Reputation: 636
I'm currently facing the following problem: I have 3 tables I need information from and both of these joins are one to many. For some reason second join creates duplicates of rows and as a result second return value gets messed up (bb.count gets multiplied by the amount of second join rows)

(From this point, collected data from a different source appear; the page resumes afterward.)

Lemma refl_opp f : refl (- f) =1 refl f.
Proof.
move=> x; rewrite !reflE aff_evalN /= dotvNl dotvNr opprK.
by apply/rowP => i; rewrite !mxE; ring.
Qed.

Lemma cartan_self a : dotv a a != 0 -> cartan a a = 2.
Proof. by move=> a_nz; rewrite /cartan mulfK. Qed.

Section NonDegenerate.
Variable g : F.
Hypothesis g_nz : dotv g.1 g.1 != 0.

Lemma reflK : involutive (refl g).
Proof.
move=> x; rewrite [refl g (refl g x)]reflE aff_eval_refl aff_reflectE.
rewrite (cartan_self g_nz) /aff_eval /refl /aff_refl /= dotvBl dotvZl.
by apply/rowP => i; rewrite !mxE; field.
Qed.

Lemma aff_reflectK : involutive (aff_reflect g).
Proof.
move=> f; rewrite {1}/aff_reflect.
have -> : cartan (aff_reflect g f).1 g.1 = - cartan f.1 g.1.
  by rewrite aff_reflectE /cartan /= dotvBl dotvZl; field.
by rewrite scaleNr opprK subrK.
Qed.

Lemma aff_reflect_self : aff_reflect g g = - g.
Proof.
by rewrite /aff_reflect (cartan_self g_nz) scaler_nat mulr2n opprD addrA subrr sub0r.
Qed.

Lemma refl_aff_reflect f : refl (aff_reflect g f) =1 refl g \o refl f \o refl g.
Proof.
move=> x; have norm_eq : dotv (aff_reflect g f).1 (aff_reflect g f).1 = dotv f.1 f.1.
  rewrite aff_reflectE /cartan /= !(dotvBl, dotvBr, dotvZl, dotvZr) (dotvC g.1).
  by field.
have refl_lin y t a : refl g (y - t *: a) = refl g y - t *: (a - cartan a g.1 *: g.1).
  rewrite /refl /aff_refl /cartan dotvBr dotvZr (dotvC g.1 a).
  by apply/rowP => i; rewrite !mxE; ring.
by rewrite /= reflE norm_eq -aff_eval_refl [refl f _]reflE refl_lin reflK.
Qed.

End NonDegenerate.

End AffineFunctionals.

Section IntegerStrips.
Variable R : realDomainType.
Implicit Types (v k : int) (s : R).

Lemma strip_ltr_int v k s : v%:~R - 1 < s < v%:~R -> (k%:~R < s) = (k < v).
Proof.
case/andP=> lo hi; apply/idP/idP => [k_lt|k_lt].
  by rewrite -(ltr_int R); apply: lt_trans k_lt hi.
have : k <= v - 1 by lia.
by rewrite -(ler_int R) intrB rmorph1 => k_le; apply: le_lt_trans k_le lo.
Qed.

Lemma strip_gtr_int v k s : v%:~R - 1 < s < v%:~R -> (s < k%:~R) = (v <= k).
Proof.
case/andP=> lo hi; apply/idP/idP => [k_gt|v_le].
  have : (v - 1)%:~R < k%:~R :> R by rewrite intrB rmorph1; apply: lt_trans lo k_gt.
  by rewrite ltr_int; lia.
by apply: lt_le_trans hi _; rewrite ler_int.
Qed.

End IntegerStrips.

Section AffineWeylGroup.
Variables (R : realType) (n : nat) (Phi : seq 'rV[R]_n) (Pi : 'I_n -> 'rV[R]_n)
  (th : 'rV[R]_n).
Hypotheses (rsPhi : root_system Phi) (basePi : simple_system Phi Pi)
  (th_highest : highest_root Phi Pi th).
Notation V := 'rV[R]_n.
Notation F := (V * R^o)%type.
Implicit Types (x y a b : V) (f g : F) (l : 'I_n.+1) (s t : seq 'I_n.+1).

Lemma root_neq0 a : a \in Phi -> a != 0.
Proof. by case: rsPhi => Phi0 _ _ _ _ aPhi; apply: contraNneq Phi0 => <-. Qed.

Lemma root_dotv_neq0 a : a \in Phi -> dotv a a != 0.
Proof. by move=> aPhi; rewrite dotv_eq0 root_neq0. Qed.

Lemma root_reflect a b : a \in Phi -> b \in Phi -> a - cartan a b *: b \in Phi.
Proof.
case: rsPhi => _ _ Phi_refl _ _ aPhi bPhi.
by have := Phi_refl b a bPhi aPhi; rewrite /aff_refl subr0 /cartan dotvC.
Qed.

Lemma rootN a : a \in Phi -> - a \in Phi.
Proof.
move=> aPhi; have := root_reflect aPhi aPhi.
by rewrite cartan_self ?root_dotv_neq0 // scaler_nat mulr2n opprD addrA subrr sub0r.
Qed.

Lemma cartan_int a b : a \in Phi -> b \in Phi -> exists z : int, cartan a b = z%:~R.
Proof.
case: rsPhi => _ _ _ Phi_int _ aPhi bPhi.
by have [z hz] := Phi_int b a bPhi aPhi; exists z; rewrite /cartan dotvC.
Qed.

Lemma simple_free (c : 'I_n -> R) : \sum_i c i *: Pi i = 0 -> forall i, c i = 0.
Proof.
case: basePi => _ Pi_free _ c0 i.
have : (\row_j c j) *m (\matrix_j Pi j) = 0 *m (\matrix_j Pi j).
  rewrite mul0mx mulmx_sum_row -[RHS]c0; apply: eq_bigr => j _.
  by rewrite rowK mxE.
by move/(row_free_inj Pi_free)/rowP/(_ i); rewrite !mxE.
Qed.

Lemma pos_root_or_N a : a \in Phi -> pos_root Phi Pi a \/ pos_root Phi Pi (- a).
Proof.
move=> aPhi; case: basePi => _ _ /(_ a aPhi) [c [a_eq [c_ge0|c_le0]]].
  left; split => //; exists (fun i => `|c i|%N); rewrite a_eq.
  by apply: eq_bigr => i _; rewrite natr_absz ger0_norm.
right; split; first exact: rootN.
exists (fun i => `|c i|%N); rewrite a_eq -sumrN; apply: eq_bigr => i _.
by rewrite natr_absz ler0_norm // rmorphN scaleNr.
Qed.

Lemma pos_rootN a : pos_root Phi Pi a -> ~ pos_root Phi Pi (- a).
Proof.
move=> [aPhi [c a_eq]] [_ [d Na_eq]].
have /simple_free cd0 : \sum_i ((c i + d i)%:R : R) *: Pi i = 0.
  under eq_bigr do rewrite natrD scalerDl.
  by rewrite big_split /= -a_eq -Na_eq subrr.
apply: (negP (root_neq0 aPhi)); rewrite a_eq big1 // => i _.
by have /eqP := cd0 i; rewrite pnatr_eq0 addn_eq0 => /andP[/eqP-> _]; rewrite scale0r.
Qed.

Lemma fund_alcove_pos_root_gt0 a x :
  fund_alcove Pi th x -> pos_root Phi Pi a -> 0 < dotv a x.
Proof.
move=> [Pi_gt0 _] [aPhi [c a_eq]].
have terms_ge0 i : 0 <= dotv ((c i)%:R *: Pi i) x by rewrite dotvZl mulr_ge0 // ltW.
rewrite lt_def a_eq dotv_suml sumr_ge0 // andbT.
apply: contra_neq (root_neq0 aPhi) => /(psumr_eq0P (fun i _ => terms_ge0 i)) sum0.
rewrite a_eq big1 // => i _; have /eqP := sum0 i isT.
rewrite dotvZl mulf_eq0 pnatr_eq0 (gt_eqF (Pi_gt0 i)) orbF => /eqP->.
by rewrite scale0r.
Qed.

Lemma fund_alcove_pos_root_lt1 a x :
  fund_alcove Pi th x -> pos_root Phi Pi a -> dotv a x < 1.
Proof.
move=> [Pi_gt0 th_lt1] a_pos; have [_ /(_ a a_pos) [c th_eq]] := th_highest.
have : 0 <= dotv (th - a) x.
  by rewrite th_eq dotv_suml sumr_ge0 // => i _; rewrite dotvZl mulr_ge0 // ltW.
rewrite dotvBl; lra.
Qed.

(* A point with [(Pi i, y) = 1] for all [i], scaled down below the wall of [th]. *)
Lemma fund_alcove_nonempty : exists x, fund_alcove Pi th x.
Proof.
case: basePi => _ + _; rewrite row_free_unit => Pi_unit.
set M := \matrix_i Pi i; set yc : 'cV[R]_n := invmx M *m const_mx 1.
have Pi_y i : dotv (Pi i) yc^T = 1.
  have : (M *m yc) i 0 = 1 by rewrite mulKVmx // mxE.
  by rewrite mxE => <-; apply: eq_bigr => j _; rewrite !mxE.
set e : R := (1 + `|dotv th yc^T|)^-1.
have e_gt0 : 0 < e by rewrite invr_gt0 ltr_pwDl.
exists (e *: yc^T); split => [i|]; first by rewrite dotvZr Pi_y mulr1.
rewrite dotvZr /e mulrC ltr_pdivrMr ?ltr_pwDl // mul1r.
by apply: le_lt_trans (ler_norm _) _; rewrite ltrDr.
Qed.

Definition aff_root f := f.1 \in Phi /\ exists z : int, f.2 = z%:~R :> R.

(* The affine roots that are positive on the fundamental alcove. *)
Definition pos_aff_root f :=
  (pos_root Phi Pi f.1 /\ (f.2 : R) <= 0) \/
  (pos_root Phi Pi (- f.1) /\ (f.2 : R) <= -1).

Definition neg_aff_root f := pos_aff_root (- f).

(* Index [0] is the affine simple root [x |-> 1 - (th, x)]. *)
Definition simple_aff l : F :=
  if unlift ord0 l is Some i then (Pi i, 0) else (- th, -1).

Lemma simple_aff_lift i : simple_aff (lift ord0 i) = (Pi i, 0).
Proof. by rewrite /simple_aff liftK. Qed.

Lemma simple_aff0 : simple_aff ord0 = (- th, -1).
Proof. by rewrite /simple_aff unlift_none. Qed.

Lemma sum_simple_affE (mu : 'I_n.+1 -> R) :
  \sum_l mu l *: simple_aff l =
  (\sum_i mu (lift ord0 i) *: Pi i - mu ord0 *: th, - mu ord0 : R).
Proof.
apply: injective_projections; rewrite ?aff_sum1 ?aff_sum2 big_ord_recl simple_aff0 /=.
  by under eq_bigr do rewrite simple_aff_lift; rewrite scalerN addrC.
rewrite big1 ?addr0 => [|i _]; rewrite ?simple_aff_lift /=.
  exact: mulrN1.
by rewrite scaler0.
Qed.

Lemma simple_aff_free (mu : 'I_n.+1 -> R) :
  \sum_l mu l *: simple_aff l = 0 -> forall l, mu l = 0.
Proof.
move=> sum0; have /eqP := congr1 snd sum0.
rewrite sum_simple_affE /= oppr_eq0 => /eqP mu0.
have := congr1 fst sum0.
rewrite sum_simple_affE /= mu0 scale0r subr0 => /simple_free Pi0.
by move=> l; case: (unliftP ord0 l) => [i ->|->].
Qed.

Lemma simple_aff_coord_inj (mu nu : 'I_n.+1 -> R) :
  \sum_l mu l *: simple_aff l = \sum_l nu l *: simple_aff l -> mu =1 nu.
Proof.
move=> /eqP; rewrite -subr_eq0 -sumrB => /eqP.
under eq_bigr do rewrite -scalerBl.
by move/simple_aff_free => sub0 l; apply/eqP; rewrite -subr_eq0 sub0.
Qed.

Lemma aff_rootN f : aff_root f -> aff_root (- f).
Proof.
case=> fPhi [z f2]; split; first exact: rootN.
by exists (- z); rewrite /= f2 rmorphN.
Qed.

Lemma aff_root_reflect g f : aff_root g -> aff_root f -> aff_root (aff_reflect g f).
Proof.
case=> gPhi [zg g2] [fPhi [zf f2]]; rewrite aff_reflectE.
split; first exact: root_reflect.
have [c ->] := cartan_int fPhi gPhi.
by exists (zf - c * zg); rewrite /= f2 g2 rmorphB rmorphM.
Qed.

Lemma aff_root_pos_or_neg f : aff_root f -> pos_aff_root f \/ neg_aff_root f.
Proof.
case=> fPhi [z f2]; rewrite /neg_aff_root /pos_aff_root /= opprK f2.
have le0 (u : int) : (u%:~R <= 0 :> R) = (u <= 0) by rewrite -(ler_int R).
have leN1 (u : int) : (u%:~R <= -1 :> R) = (u <= -1).
  by rewrite -(ler_int R) rmorphN rmorph1.
rewrite -!rmorphN !(le0, leN1).
case: (pos_root_or_N fPhi) => a_pos.
  by case: (lerP z 0) => z0; [left; left | right; right; split => //; lia].
by case: (lerP z (-1)) => z1; [left; right | right; left; split => //; lia].
Qed.

Lemma pos_neg_aff_root_false f : pos_aff_root f -> neg_aff_root f -> False.
Proof.
rewrite /neg_aff_root /pos_aff_root /= opprK.
case=> [[f_pos f2]|[Nf_pos f2]] [[Nf_pos' f2']|[f_pos' f2']];
  by [apply: pos_rootN f_pos _ | apply: pos_rootN f_pos' _ | lra].
Qed.

Lemma pos_aff_root_gt0 f x :
  pos_aff_root f -> fund_alcove Pi th x -> 0 < aff_eval f x.
Proof.
rewrite /aff_eval => -[[f_pos f2]|[Nf_pos f2]] x_alc.
  by have := fund_alcove_pos_root_gt0 x_alc f_pos; lra.
by have := fund_alcove_pos_root_lt1 x_alc Nf_pos; rewrite dotvNl; lra.
Qed.

Lemma simple_aff_root l : aff_root (simple_aff l).
Proof.
have [[thPhi _] _] := th_highest; case: basePi => Pi_Phi _ _.
case: (unliftP ord0 l) => [i|] ->;
  rewrite ?simple_aff_lift ?simple_aff0; split => //=.
- by exists 0.
- exact: rootN.
- by exists (-1); rewrite rmorphN rmorph1.
Qed.

Lemma simple_aff_dotv_neq0 l : dotv (simple_aff l).1 (simple_aff l).1 != 0.
Proof. exact: root_dotv_neq0 (simple_aff_root l).1. Qed.

Lemma simple_aff_pos l : pos_aff_root (simple_aff l).
Proof.
case: (unliftP ord0 l) => [i|] ->;
  rewrite ?simple_aff_lift ?simple_aff0 /pos_aff_root /=.
  left; split => //; split; first by case: basePi.
  exists (fun j => (j == i) : nat); rewrite (bigD1 i) //= eqxx scale1r big1 ?addr0 //.
  by move=> j /negPf->; rewrite scale0r.
by right; rewrite opprK; split => //; case: th_highest.
Qed.

Lemma fund_alcoveE x :
  fund_alcove Pi th x <-> forall l, 0 < aff_eval (simple_aff l) x.
Proof.
rewrite /aff_eval; split => [[Pi_gt0 th_lt1] l|simple_gt0].
  case: (unliftP ord0 l) => [i|] ->; rewrite ?simple_aff_lift ?simple_aff0 /=.
    by rewrite subr0.
  by rewrite dotvNl; lra.
split => [i|].
  by have := simple_gt0 (lift ord0 i); rewrite simple_aff_lift /= subr0.
by have := simple_gt0 ord0; rewrite simple_aff0 /= dotvNl; lra.
Qed.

SELECT aa.id, sum(bb.count), count(DISTINCT cc.id)
FROM aaaa aa
LEFT JOIN bbbb bb ON bb.aa_id = aa.id
LEFT JOIN cccc cc ON cc.bb_id = bb.id
GROUP BY aa.id
Is there a way to get the proper sum of bb.count without another query? The moment I remove second left join everything's fine, unfortunately I need it for the third return value and I can't group them without resulting in a duplicate (sort of) rows in result.
Lets say there's
bb1.count = 9
bb2.count = 5
And there's 2 rows where cc.bb_id = bb1.id
The result I get is 23 instead of 14.
Upvotes: 9
Views: 10158
Reputation: 28233
You're experiencing aggregate fanout in the above query.
This happens because there is
aaa
& bbb
bbb
& ccc
The latter join creates M
duplicates for rows that exist in bbb
if they are joined to M rows via the join to ccc
To fix the error, split the query up into two CTEs & join the result.
WITH agg_bb AS (
SELECT aa.id, sum(bb.count)
FROM aaaa aa
LEFT JOIN bbbb bb ON bb.aa_id = aa.id
GROUP BY aa.id
)
, agg_cc AS (SELECT aa.id, count(DISTINCT cc.id)
FROM aaaa aa
LEFT JOIN bbbb bb ON bb.aa_id = aa.id
LEFT JOIN cccc cc ON cc.bb_id = bb.id
GROUP BY aa.id
)
SELECT * FROM agg_bb JOIN agg_cc USING (id)
In general, to avoid fan outs, only apply aggregate operations to the columns from the rightmost relation in a series of joins. If you find you're aggregating columns from the middle tables, split the query up as I have done above. Only the following functions are invariant across a fan out: COUNT DISTINCT
, MIN
, MAX
Upvotes: 15